2007'den Bugüne 92,309 Tavsiye, 28,219 Uzman ve 19,977 Bilimsel Makale
Site İçi Arama
Yeni Tavsiye Ekleyin!



İçimden Sevişmek Gelmiyor… Erkeklere Ne Oldu?
MAKALE #21152 © Yazan Uzm.Psk.Erkan EZERÇE | Yayın Şubat 2020 | 2,710 Okuyucu
Son yıllara kadar cinsel isteksizliğini dile getiren daha çok kadınlar oluyordu. “Başım ağrıyor!” , “Yorgunum!” , ya da “Canım istemiyor!” cümlelerini dile getirip sırtını dönüp yatan kadınlardı. “Hayır” diyen taraf daha çok kadındı. Son dönemde cinsel terapiye başvuran danışanlarımda erkek cinsel isteksizliğinde belirgin bir artış söz konusu. Daha önceleri terapiye başvuru da öncelikli sırayı sertleşme sorunu ya da erken boşlama sorunu iken şimdilerde ilk sıraya erkek cinsel isteksizliği yerleşmiş durumda. uzun bir zaman da öyle devam edeceği yapılan bilimsel çalışmalarda görmek ve klinikte gözlemlemek mümkün.

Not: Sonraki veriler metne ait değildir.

Lemma propagator_ker_invariant (P : M -> M) (A : R -> M -> M) s t Y :
  linear P -> (forall u, 0 <= u -> linear (A u)) -> locally_bounded A ->
  0 <= s -> s <= t -> (forall u Z, s < u <= t -> P (L u Z) = A u (P Z)) ->
  P Y = 0 -> P (E t s Y) = 0.
Proof.
move=> Plin Alin Abd s0 st PLA PY; have [Eid _ ED Ec] := E_prop.
apply: (mx_linear_ode_zero (h := fun u => P (E u s Y)) Alin Abd s0 st).
- move=> u su; rewrite -PLA //.
  by apply: has_mx_deriv_linear Plin _; apply: ED s0 _; case/andP: su.
- exact: mx_right_cont_linear Plin (Ec _ _ s0).
- by rewrite /= Eid.
Qed.

Lemma NCGD_of_dephase_coherences :
  (forall t1 t2 t3 X, 0 <= t1 -> t1 <= t2 -> t2 <= t3 ->
     dephase (E t3 t2 (Pi_c (E t2 t1 (dephase X)))) = 0) -> NCGD E.
Proof.
move=> coh0 t1 t2 t3 t10 t12 t23 X; have [_ Ecomp _ _] := E_prop.
have t20 : 0 <= t2 := le_trans t10 t12.
move: (coh0 t1 t2 t3 X t10 t12 t23).
rewrite /Pi_c propagatorB // (linear_funB dephase_linear) Ecomp // => /eqP.
by rewrite subr_eq0 => /eqP ->.
Qed.

Lemma NCGD_Lpc0 :
  (forall t, 0 <= t -> forall X, Lblock (@Pi_p R d) (L t) (@Pi_c R d) X = 0) -> NCGD E.
Proof.
move=> Lpc0; apply: NCGD_of_dephase_coherences => t1 t2 t3 X t10 t12 t23.
have t20 : 0 <= t2 := le_trans t10 t12.
apply: (propagator_ker_invariant (A := fun u Z => dephase (L u Z))) => //.
- exact: dephase_linear.
- by move=> u u0; apply: linear_comp (generator_linear u0); exact: dephase_linear.
- by apply: locally_bounded_mask L_bounded; exact: dephase_mask.
- move=> u Z /andP[t2u _]; have u0 : 0 <= u by rewrite (le_trans t20) ?ltW.
  rewrite -{1}(dephase_add_Pi_c Z) (linear_funD (generator_linear u0)).
  by rewrite (linear_funD dephase_linear) [X in _ + X]Lpc0 ?addr0.
- exact: dephase_Pi_c.
Qed.

Lemma NCGD_Lcp0 :
  (forall t, 0 <= t -> forall X, Lblock (@Pi_c R d) (L t) (@Pi_p R d) X = 0) -> NCGD E.
Proof.
move=> Lcp0; apply: NCGD_of_dephase_coherences => t1 t2 t3 X t10 t12 t23.
have t20 : 0 <= t2 := le_trans t10 t12.
suff -> : Pi_c (E t2 t1 (dephase X)) = 0 by rewrite propagator0 // dephase0.
apply: (propagator_ker_invariant (A := fun u Z => Pi_c (L u Z))) => //.
- exact: Pi_c_linear.
- by move=> u u0; apply: linear_comp (generator_linear u0); exact: Pi_c_linear.
- by apply: locally_bounded_mask L_bounded; exact: Pi_c_mask.
- move=> u Z /andP[t1u _]; have u0 : 0 <= u by rewrite (le_trans t10) ?ltW.
  rewrite -{1}(dephase_add_Pi_c Z) (linear_funD (generator_linear u0)).
  by rewrite (linear_funD Pi_c_linear) [X in X + _]Lcp0 ?add0r.
- exact: Pi_c_dephase.
Qed.

Lemma NCGD_LdephaseL :
  (forall t1 t2, 0 <= t1 -> t1 <= t2 -> forall X, L t2 (dephase (L t1 X)) = L t2 (L t1 X)) ->
  NCGD E.
Proof.
move=> LDL; apply: NCGD_of_dephase_coherences => t1 t2 t3 X t10 t12 t23.
have t20 : 0 <= t2 := le_trans t10 t12.
set V := Pi_c (E t2 t1 (dephase X)).
have LV t : t2 <= t -> L t V = 0.
  move=> t2t; have t0 : 0 <= t := le_trans t20 t2t.
  apply: (propagator_ker_invariant (P := fun Z => L t (Pi_c Z)) (A := fun _ _ => 0)) => //.
  - exact: linear_comp (generator_linear t0) Pi_c_linear.
  - by move=> u _ a Y Z; rewrite scaler0 addr0.
  - by move=> T Z; exists 0 => u _ i j; rewrite mxE normr0.
  - move=> u Z /andP[t1u ut2]; have u0 : 0 <= u by rewrite (le_trans t10) ?ltW.
    by rewrite /Pi_c (linear_funB (generator_linear t0)) LDL ?subrr // (le_trans ut2).
  - by rewrite Pi_c_dephase (linear_fun0 (generator_linear t0)).
by rewrite propagator_stationary ?dephase_Pi_c // => u /andP[t2u _]; apply/LV/ltW.
Qed.

End Propagators.

Theorem corollary1 (R : realType) (d : nat)
  (L : R -> 'M[R[i]]_d -> 'M[R[i]]_d)
  (E : R -> R -> 'M[R[i]]_d -> 'M[R[i]]_d) :
  (forall t, 0 <= t -> is_generator (L t)) ->
  locally_bounded L ->
  propagators L E ->
  [/\ (* (i) L_pc(t) = 0 *)
      ((forall t, 0 <= t -> forall X, Lblock (@Pi_p R d) (L t) (@Pi_c R d) X = 0) ->
         NCGD E),
      (* (ii) L_cp(t) = 0 *)
      ((forall t, 0 <= t -> forall X, Lblock (@Pi_c R d) (L t) (@Pi_p R d) X = 0) ->
         NCGD E),
      (* (iii) L(t2) o Delta o L(t1) = L(t2) o L(t1) *)
      ((forall t1 t2, 0 <= t1 -> t1 <= t2 -> forall X,
          L t2 (dephase (L t1 X)) = L t2 (L t1 X)) -> NCGD E) &
      (* (iv) [L(t), Delta] = 0 *)
      ((forall t, 0 <= t -> forall X, L t (dephase X) - dephase (L t X) = 0) ->
         NCGD E)].
Proof.
move=> L_gen L_bounded E_prop; split.
- exact: NCGD_Lpc0 L_gen L_bounded E_prop.
- exact: NCGD_Lcp0 L_gen L_bounded E_prop.
- exact: NCGD_LdephaseL L_gen L_bounded E_prop.
- move=> L_commute; apply: (NCGD_Lpc0 L_gen L_bounded E_prop) => t t0.
  exact: Lpc_eq0_of_commute (generator_linear L_gen t0) (L_commute t t0).
Qed.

Cinsellikten erkekler kaçar oldu! Tabi bu durum arzulanmayan ya da arzulandığını hissedemeyen kadınlar için gurur kırıcı bir durum haline gelmiş durumda. Ve kadın önce kendini sorgulamaya başladı! “Şişmanladım mı?” , “Güzel değil miyim?” , “Çekiciliğimi kaybettim mi?” “Beni sevmiyor mu?” gibi daha nice sorularla önce kendini sorguluyor kadın! Bu soruların devam etmesi kadınların kendilerine aşırı eleştirel tavır içinde olmaları kadınların depresyona girmesine neden oluyor. Çünkü dile gelmeyen duygular ve düşünceler kırgınlık yaratmaktadır. Bu kırgınlıklar öfkeye neden olmakta ve öfkenin kendine döndürülmesine de depresyonun en önemli sebebi diyebiliyoruz.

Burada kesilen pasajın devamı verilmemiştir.